The electronic hardware was developed at the Department of Artificial Intelligence, University of Edinburgh. It is composed of the following items:

Control board. The control board is controlled by a Motorola 68K microprocessor. It has a serial input for the downloading of programs from a PC, a I 2 C entry for interacting with external sensor boards (light detection and infrared detection boards) and a predefined set of connections for mechanical switches and for the motors. The maximum output voltage of the board is 6 Volts.
Light detection board. This transforms the voltage of a light sensor (between 0 and 5 Volt) into a digital value between 0 and 255. A board has input connections for 4 light sensors.
InfraRed (IR) detection board. This board creates impulses of IR light and measures the intensity of the reflection of the environment. The intensity of the reflection is encoded into a value between 0 and 255. A board has input connections for 2 IR detectors.
Batteries. The control board is powered by a 6V rechargeable battery. One of the robots has also a standard 9V battery for powering light bulbs.

Sensors and actuators

Mechanical switches. LEGO mechanical switches are used to create touch sensitive bumpers.
Light sensors. These sensors are Light Dependent Resistors which react to the whole range of visible light (no specific wavelength). They have a large opening angle (approximately 130 degrees). These are not LEGO sensors.
IR detectors. These sensors are used with the corresponding board. They are composed of an emitter and a receiver of IR. As mentioned, they send impulses of infrared light and measure within an angle of approximately 70 degrees the reflection of the environment. This measure gives a combination of the distance and the reflectivity of an obstacle within its opening angle. These are not LEGO sensors.
Motors. 6V LEGO motors are used, as their voltage corresponds to that of the control board. These are old LEGO motors.
Light bulbs. Two LEGO 9V light bulbs.

Construction elements

The robots are built out of stanard LEGO Technics pieces. This means that except for the electronic boards and the light and IR sensors, the whole construction, including the chassis, the gears, the wheels, the bumpers, is made of LEGO.

A. Robot designs

We built a couple of LEGO robots for testing purposes, but because of lack of space, we will only report on one design here. The robot was a stable jeeplike vehicle with three wheels (Figure 1). It had two powered wheels for locomotion and steering; the third wheel was a passive trolley wheel. The gear ratio between the motor and the powered wheels (8 cm in diameter) was 1/75. The robot had a good acceleration and reached a high top speed.

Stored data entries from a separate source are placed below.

Lemma triangle_of_BergeK3 (W : finType) (E : {set {set W}}) :
  is_BergeG K3_edges E -> exists a b c e1 e2 e3, berge_triangle E a b c e1 e2 e3.
Proof.
move=> [phi [f [phi_inj [f_inj f_edge]]]].
have K01 : [set o0; o1] \in K3_edges by rewrite inE cards2.
have K12 : [set o1; o2] \in K3_edges by rewrite inE cards2.
have K02 : [set o0; o2] \in K3_edges by rewrite inE cards2.
have neq (s t : {set 'I_3}) x : x \in s -> x \notin t -> s != t.
  by move=> xs; apply: contraNneq => <-.
exists (phi o0), (phi o1), (phi o2), (f [set o0; o1]), (f [set o1; o2]), (f [set o0; o2]).
split; first by rewrite !(inj_eq phi_inj).
- rewrite !(inj_in_eq f_inj) //; split;
    by [apply: (neq _ _ o0); rewrite !inE | apply: (neq _ _ o1); rewrite !inE].
- by split; apply f_edge.
- have f_mem xy x : xy \in K3_edges -> x \in xy -> phi x \in f xy.
    by move=> /f_edge [_]; apply.
  by split; apply/subsetP => _ /set2P [] ->; apply: f_mem; rewrite // !inE eqxx ?orbT.
Qed.

Lemma is_BergeG_subset (V W : finType) (GE : {set {set V}}) (E F : {set {set W}}) :
  E \subset F -> is_BergeG GE E -> is_BergeG GE F.
Proof.
move=> EF [phi [f [phi_inj [f_inj f_edge]]]]; exists phi, f; do 2 split=> //.
by move=> xy /f_edge [fE f_mem]; split=> //; apply: (subsetP EF).
Qed.

Section Gyori.
Variables (T : finType) (E : {set {set T}}).
Hypothesis E_card3 : {in E, forall e : {set T}, #|e| = 3}.
Hypothesis E_triangle_free : forall a b c e1 e2 e3, ~ berge_triangle E a b c e1 e2 e3.
Implicit Types (e : {set T}) (u v w x y z : T).

Definition private_pair e u v := [forall e' in E, (u \in e') && (v \in e') ==> (e' == e)].

Definition all_pairs_private e :=
  [forall u in e, forall v in e, (u != v) ==> private_pair e u v].
(* Write B_K = {x in K : ||x|| <= 1} and T(y) = {t : exists x in B_K, x + t y in L}.
   Since ker A = L, A x = - t A y iff x + t y is in L, so t >= 0 lies in the
   symmetry set of A(B_K) iff t is in T(y) for every y in B_K: the map A has
   disappeared.  Each T(y) is an interval containing 0, closed by compactness of
   B_K and bounded when y is not in L.  Hence Sym exists and is at most max T(v)
   for every unit v in K (the maximum being +oo when v is in L).  For equality at
   some v, let a be an interior point of K.  If a + k is in L for no k in K, then
   T(a) meets [0, +oo) only in 0 and Sym = 0.  Otherwise B_K + L contains a
   neighbourhood of 0, which makes v |-> max T(v) lower semicontinuous, and a
   cluster point of unit vectors v_k with max T(v_k) -> Sym is a minimiser. *)


(** * Coordinate vectors, the sup norm and seminorms *)

Lemma vec_ext {n} (x y : vec n) : (forall i, x i = y i) -> x = y.
Proof. intros; apply functional_extensionality; auto. Qed.

Lemma vec_S_ext {n} (x y : vec (S n)) :
  x Fin.F1 = y Fin.F1 -> (forall j, x (Fin.FS j) = y (Fin.FS j)) -> x = y.
Proof. intros H1 H2; apply vec_ext; intro i; apply (Fin.caseS' i); auto. Qed.

Lemma vec0_eq (x y : vec 0) : x = y.
Proof. apply vec_ext; intro i; apply (Fin.case0 (fun _ => _) i). Qed.

Definition vcons {n} (a : R) (y : vec n) : vec (S n) :=
  fun i => Fin.caseS' i (fun _ => R) a y.

Definition vtail {n} (x : vec (S n)) : vec n := fun i => x (Fin.FS i).

Definition vsub {n} (x y : vec n) : vec n := vadd x (vscale (-1) y).

Ltac vring := apply vec_ext; intro; unfold vsub, vadd, vscale, vzero; ring.

Lemma vcons_vtail {n} (x : vec (S n)) :
  x = vadd (vscale (x Fin.F1) (vcons 1 vzero)) (vcons 0 (vtail x)).
Proof. apply vec_S_ext; unfold vadd, vscale, vcons, vtail, vzero; simpl; intros; ring. Qed.

Lemma vcons0_add {n} (x y : vec n) : vcons 0 (vadd x y) = vadd (vcons 0 x) (vcons 0 y).
Proof. apply vec_S_ext; unfold vadd, vcons; simpl; intros; ring. Qed.

Lemma vcons0_scale {n} a (x : vec n) : vcons 0 (vscale a x) = vscale a (vcons 0 x).
Proof. apply vec_S_ext; unfold vscale, vcons; simpl; intros; ring. Qed.

Lemma linear_map_vzero {n p} (f : vec n -> vec p) : linear_map f -> f vzero = vzero.
Proof.
  intros [_ Hs]. replace (@vzero n) with (vscale 0 (@vzero n)) by vring.
  rewrite Hs; vring.
Qed.

Fixpoint sup_norm {n} : vec n -> R :=
  match n return vec n -> R with
  | O => fun _ => 0
  | S k => fun x => Rmax (Rabs (x Fin.F1)) (sup_norm (vtail x))
  end.

Lemma Rabs_le_sup_norm {n} (i : Fin.t n) (x : vec n) : Rabs (x i) <= sup_norm x.
Proof.
  induction i as [k|k i IH]; simpl.
  - apply Rmax_l.
  - eapply Rle_trans; [apply (IH (vtail x))|apply Rmax_r].
Qed.

Lemma sup_norm_le {n} (x : vec n) M : 0 <= M -> (forall i, Rabs (x i) <= M) -> sup_norm x <= M.
Proof.
  induction n as [|n IH]; simpl; intros HM H; auto.
  apply Rmax_lub; [apply H|apply IH; auto; intro; apply H].
Qed.

Lemma sup_norm_nonneg {n} (x : vec n) : 0 <= sup_norm x.
Proof. induction n as [|n IH]; simpl; [lra|]; eapply Rle_trans; [apply IH|apply Rmax_r]. Qed.

Lemma sup_norm_eq0 {n} (x : vec n) : sup_norm x = 0 -> x = vzero.
Proof.
  intro H; apply vec_ext; intro i; pose proof (Rabs_le_sup_norm i x).
  pose proof (Rabs_pos (x i)); unfold vzero.
  destruct (Req_dec (x i) 0) as [|Hne]; auto. pose proof (Rabs_pos_lt _ Hne); lra.
Qed.

Definition is_seminorm {n} (P : vec n -> R) : Prop :=
  (forall a x, P (vscale a x) = Rabs a * P x) /\
  (forall x y, P (vadd x y) <= P x + P y).

Lemma sup_norm_seminorm n : is_seminorm (@sup_norm n).
Proof.
  assert (Hle : forall a (x : vec n), sup_norm (vscale a x) <= Rabs a * sup_norm x).
  { intros a x; apply sup_norm_le; [apply Rmult_le_pos; [apply Rabs_pos|apply sup_norm_nonneg]|].
    intro i; unfold vscale; rewrite Rabs_mult.
    apply Rmult_le_compat_l; [apply Rabs_pos|apply Rabs_le_sup_norm]. }
  split.
  - intros a x; apply Rle_antisym; [apply Hle|].
    destruct (Req_dec a 0) as [->|Ha].
    + rewrite Rabs_R0, Rmult_0_l; apply sup_norm_nonneg.
    + pose proof (Hle (/ a) (vscale a x)) as H.
      replace (vscale (/ a) (vscale a x)) with x in H
        by (apply vec_ext; intro; unfold vscale; field; auto).
      rewrite Rabs_inv in H. pose proof (Rabs_pos_lt _ Ha).
      apply (Rmult_le_compat_l (Rabs a)) in H; [|lra].
      rewrite <- Rmult_assoc, Rinv_r in H; lra.
  - intros x y; apply sup_norm_le.
    + pose proof (sup_norm_nonneg x); pose proof (sup_norm_nonneg y); lra.
    + intro i; unfold vadd; eapply Rle_trans; [apply Rabs_triang|].
      pose proof (Rabs_le_sup_norm i x); pose proof (Rabs_le_sup_norm i y); lra.
Qed.

Lemma norm_seminorm {n} (N : vec n -> R) : is_norm N -> is_seminorm N.
Proof. intros [_ [Hs Ht]]; split; auto. Qed.

Lemma seminorm_linear_map {n p} (P : vec p -> R) (f : vec n -> vec p) :
  is_seminorm P -> linear_map f -> is_seminorm (fun x => P (f x)).
Proof.
  intros [Ps Pt] [fa fs]; split; intros.
  - rewrite fs; auto.
  - rewrite fa; auto.
Qed.

Section Seminorm.
Variables (n : nat) (P : vec n -> R).
Hypothesis HP : is_seminorm P.

Lemma seminorm_vzero : P vzero = 0.
Proof.
  destruct HP as [Hs _]. replace (@vzero n) with (vscale 0 (@vzero n)) by vring.
  rewrite Hs, Rabs_R0; ring.
Qed.

Lemma seminorm_opp x : P (vscale (-1) x) = P x.
Proof. destruct HP as [Hs _]; rewrite Hs, Rabs_left by lra; ring. Qed.

Lemma seminorm_nonneg x : 0 <= P x.
Proof.
  destruct HP as [_ Ht]. pose proof (Ht x (vscale (-1) x)) as H.
  replace (vadd x (vscale (-1) x)) with (@vzero n) in H by vring.
  rewrite seminorm_vzero, seminorm_opp in H; lra.
Qed.

Lemma seminorm_sub_sym x y : P (vsub x y) = P (vsub y x).
Proof.
  replace (vsub x y) with (vscale (-1) (vsub y x)) by vring; apply seminorm_opp.
Qed.

Lemma seminorm_reverse_triang x y : Rabs (P x - P y) <= P (vsub x y).
Proof.
  destruct HP as [_ Ht]. apply Rabs_le; split.
  - pose proof (Ht x (vsub y x)) as H. replace (vadd x (vsub y x)) with y in H by vring.
    rewrite seminorm_sub_sym in H; lra.
  - pose proof (Ht y (vsub x y)) as H. replace (vadd y (vsub x y)) with x in H by vring.
    lra.
Qed.

End Seminorm.

Lemma seminorm_le_sup_norm n (P : vec n -> R) : is_seminorm P ->
  exists b, 0 <= b /\ forall x, P x <= b * sup_norm x.
Proof.
  revert P; induction n as [|n IH]; intros P HP.
  - exists 0; split; [lra|]; intro x; simpl.
    rewrite (vec0_eq x vzero), seminorm_vzero by auto; lra.
  - destruct (IH (fun y => P (vcons 0 y))) as [b [Hb Hbound]].
    { destruct HP as [Hs Ht]; split; intros.
      - rewrite vcons0_scale; auto.
      - rewrite vcons0_add; auto. }
    set (e := vcons 1 (@vzero n)).
    pose proof (seminorm_nonneg _ P HP e).
    exists (P e + b); split; [lra|]; intro x.
    rewrite (vcons_vtail x) at 1. destruct HP as [Hs Ht].
    eapply Rle_trans; [apply Ht|]. rewrite Hs. fold e.
    pose proof (Hbound (vtail x)).
    assert (H1 : Rabs (x Fin.F1) <= sup_norm x) by apply (Rabs_le_sup_norm Fin.F1 x).
    assert (H2 : sup_norm (vtail x) <= sup_norm x) by (simpl; apply Rmax_r).
    pose proof (sup_norm_nonneg (vtail x)). nra.
Qed.

Lemma sup_norm_vsub_le {n} (x y : vec n) eps : 0 <= eps ->
  (forall i, Rabs (x i - y i) < eps) -> sup_norm (vsub x y) <= eps.
Proof.
  intros He H; apply sup_norm_le; auto; intro i.
  unfold vsub, vadd, vscale; replace (x i + -1 * y i) with (x i - y i) by ring.
  left; auto.
Qed.

Lemma sup_norm_vsub_lt {n} (x y : vec n) eps :
  sup_norm (vsub x y) < eps -> forall i, Rabs (x i - y i) < eps.
Proof.
  intros H i; eapply Rle_lt_trans; [|exact H].
  replace (x i - y i) with (vsub x y i) by (unfold vsub, vadd, vscale; ring).
  apply Rabs_le_sup_norm.
Qed.

Lemma seminorm_small n (P : vec n -> R) : is_seminorm P ->
  forall e, 0 < e -> exists d, 0 < d /\ forall x, sup_norm x < d -> P x < e.
Proof.
  intros HP e He. destruct (seminorm_le_sup_norm n P HP) as [b [Hb Hbound]].
  exists (e / (b + 1)); split; [apply Rdiv_lt_0_compat; lra|]; intros x Hx.
  eapply Rle_lt_trans; [apply Hbound|].
  apply Rle_lt_trans with (b * (e / (b + 1))); [apply Rmult_le_compat_l; lra|].
  apply (Rmult_lt_reg_r (b + 1)); [lra|].
  replace (b * (e / (b + 1)) * (b + 1)) with (b * e) by (field; lra). nra.
Qed.

(** * Sequential compactness *)

Lemma inv_INR_pos k : 0 < / (INR k + 1).
Proof. apply Rinv_0_lt_compat; pose proof (pos_INR k); lra. Qed.

Lemma inv_INR_small eps : 0 < eps ->
  exists N : nat, forall k, (N <= k)%nat -> / (INR k + 1) < eps.
Proof.
  intros He. destruct (archimed_cor1 eps He) as [N [HN HN0]]. exists N; intros k Hk.
  eapply Rle_lt_trans; [|apply HN].
  apply Rinv_le_contravar; [apply lt_0_INR; lia|apply le_INR in Hk; lra].
Qed.

Definition strictly_increasing (phi : nat -> nat) : Prop :=
  forall k, (phi k < phi (S k))%nat.

Lemma strictly_increasing_lt phi : strictly_increasing phi ->
  forall a b, (a < b)%nat -> (phi a < phi b)%nat.
Proof. intros H a b Hab; induction Hab; [apply H|specialize (H m); lia]. Qed.

Lemma strictly_increasing_ge phi : strictly_increasing phi -> forall k, (k <= phi k)%nat.
Proof. intros H k; induction k; [lia|specialize (H k); lia]. Qed.

Lemma strictly_increasing_comp f g :
  strictly_increasing f -> strictly_increasing g -> strictly_increasing (fun k => f (g k)).
Proof. intros Hf Hg k; apply strictly_increasing_lt; auto. Qed.

Lemma Un_cv_subseq (u : nat -> R) l phi :
  strictly_increasing phi -> Un_cv u l -> Un_cv (fun k => u (phi k)) l.
Proof.
  intros Hp H eps He. destruct (H eps He) as [N HN]. exists N; intros k Hk.
  apply HN. pose proof (strictly_increasing_ge phi Hp k); lia.
Qed.

(* The cluster point given by [Bolzano_Weierstrass] is approached within
   [1/(k+1)] at some index beyond any previous one, which defines [phi]. *)
Lemma R_bounded_convergent_subseq (w : nat -> R) M : (forall k, Rabs (w k) <= M) ->
  exists phi, strictly_increasing phi /\ exists l, Un_cv (fun k => w (phi k)) l.
Proof.
  intros Hb.
  destruct (Bolzano_Weierstrass w (fun c => -M <= c <= M) (compact_P3 (-M) M)) as [l Hl].
  { intro k; specialize (Hb k); pose proof (Rle_abs (w k)); pose proof (Rle_abs (- w k)).
    rewrite Rabs_Ropp in *; lra. }
  assert (Hnear : forall N k : nat, exists q, (N <= q)%nat /\ Rabs (w q - l) < / (INR k + 1)).
  { intros N k. destruct (Hl (disc l (mkposreal _ (inv_INR_pos k))) N) as [q [Hq1 Hq2]].
    - exists (mkposreal _ (inv_INR_pos k)); intros y Hy; exact Hy.
    - exists q; split; auto. }
  destruct (functional_choice (fun Nk q => (fst Nk <= q)%nat /\
              Rabs (w q - l) < / (INR (snd Nk) + 1))) as [f Hf].
  { intros [N k]; apply Hnear. }
  set (phi := fix phi k := match k with
                           | O => f (O, O)
                           | S k' => f (S (phi k'), S k') end).
  exists phi; split.
  - intro k; simpl. destruct (Hf (S (phi k), S k)); simpl in *; lia.
  - exists l; intros eps He. destruct (inv_INR_small eps He) as [N HN].
    exists N; intros k Hk; unfold Rdist.
    eapply Rlt_trans; [|apply (HN k Hk)].
    destruct k; simpl; [apply (Hf (O, O))|apply (Hf (S (phi k), S k))].
Qed.

Definition converges_to {n} (u : nat -> vec n) (l : vec n) : Prop :=
  forall eps, 0 < eps -> exists N, forall k, (N <= k)%nat -> sup_norm (vsub (u k) l) < eps.

Lemma bounded_convergent_subseq n (u : nat -> vec n) M :
  (forall k, sup_norm (u k) <= M) ->
  exists phi, strictly_increasing phi /\ exists l, converges_to (fun k => u (phi k)) l.
Proof.
  revert u; induction n as [|n IH]; intros u Hb.
  - exists (fun k => k); split; [intro; lia|].
    exists vzero; intros eps He; exists O; intros; simpl; lra.
  - destruct (R_bounded_convergent_subseq (fun k => u k Fin.F1) M) as [p1 [Hp1 [l1 Hl1]]].
    { intro k; eapply Rle_trans; [apply Rabs_le_sup_norm|apply Hb]. }
    destruct (IH (fun k => vtail (u (p1 k)))) as [p2 [Hp2 [l2 Hl2]]].
    { intro k; eapply Rle_trans; [|apply (Hb (p1 k))]; simpl; apply Rmax_r. }
    exists (fun k => p1 (p2 k)); split; [apply strictly_increasing_comp; auto|].
    exists (vcons l1 l2); intros eps He.
    destruct (Un_cv_subseq _ _ _ Hp2 Hl1 eps He) as [N1 HN1].
    destruct (Hl2 eps He) as [N2 HN2].
    exists (Nat.max N1 N2); intros k Hk; simpl; apply Rmax_lub_lt.
    + specialize (HN1 k ltac:(lia)); unfold Rdist in HN1.
      unfold vsub, vadd, vscale; simpl.
      replace (_ + -1 * l1) with (u (p1 (p2 k)) Fin.F1 - l1) by ring.
      exact HN1.
    + apply (HN2 k ltac:(lia)).
Qed.

Definition cluster_point {n} (u : nat -> vec n) (l : vec n) : Prop :=
  forall eps, 0 < eps -> forall k0, exists k, (k0 <= k)%nat /\ sup_norm (vsub (u k) l) < eps.

Lemma bounded_cluster_point n (u : nat -> vec n) M :
  (forall k, sup_norm (u k) <= M) -> exists l, cluster_point u l.
Proof.
  intro Hb. destruct (bounded_convergent_subseq n u M Hb) as [phi [Hphi [l Hl]]].
  exists l; intros eps He k0. destruct (Hl eps He) as [N HN].
  exists (phi (Nat.max k0 N)); split; [|apply HN; lia].
  pose proof (strictly_increasing_ge phi Hphi (Nat.max k0 N)); lia.
Qed.

Lemma closed_cluster_point {n} (S : vec n -> Prop) u l :
  is_closed S -> (forall k, S (u k)) -> cluster_point u l -> S l.
Proof.
  intros HS Hu Hl; apply HS; intros eps He. destruct (Hl eps He O) as [k [_ Hk]].
  exists (u k); split; auto; intro i.
  rewrite Rabs_minus_sym; apply sup_norm_vsub_lt; auto.
Qed.

Lemma seminorm_cluster_point {n} (P : vec n -> R) u l : is_seminorm P -> cluster_point u l ->
  forall e, 0 < e -> forall k0, exists k, (k0 <= k)%nat /\ Rabs (P (u k) - P l) < e.
Proof.
  intros HP Hl e He k0. destruct (seminorm_small n P HP e He) as [d [Hd Hsmall]].
  destruct (Hl d Hd k0) as [k [Hk Hclose]].
  exists k; split; auto.
  eapply Rle_lt_trans; [apply seminorm_reverse_triang; auto|auto].
Qed.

Fig. 1. Schematic (upper) view of the LEGO robot. The robot had a jeeplike shape and received sensory information from 4 mechanical switches mounted within two bumpers, 2 ambient light sensors at its front, and 2 reflection detectors under the chassis. © Lund et al. 1997.

The sensory input came from four mechanical switches Mechanical switches Reflection sensors and four light sensors. The mechanical switches were mounted in two touch sensitive bumpers at the front and the rear of the robot. The bumpers were made of a lattice structure and continuously pressed the switches as long as there was no shock (Figure 1). This type of construction has the advantages to be light and to protect the switches from direct shocks. The sensitivity of the bumper was determined by the elasticity of the rubber band keeping the bumper in contact with the switches. Three directions of collision could be detected by each bumper, namely left, right and frontal collisions.
The robot was able to measure the ground reflection with two light sensors mounted under the chassis of the robot. Two reflection sensors were constructed by making a device out of black cardboard in which a light sensor and a light bulb were placed side by side and directed to the ground. The black cardboard was used to prevent direct lighting of the sensor by the bulb and from external light sources. These devices enabled the robot to distinguish beween black and white grounds in a large variety of external lighting conditions.
The robot had also two light sensors mounted horizontally at its front. The light sensors had an angle of approximately 80 degrees between them and enabled the robot to locate light sources in its environment.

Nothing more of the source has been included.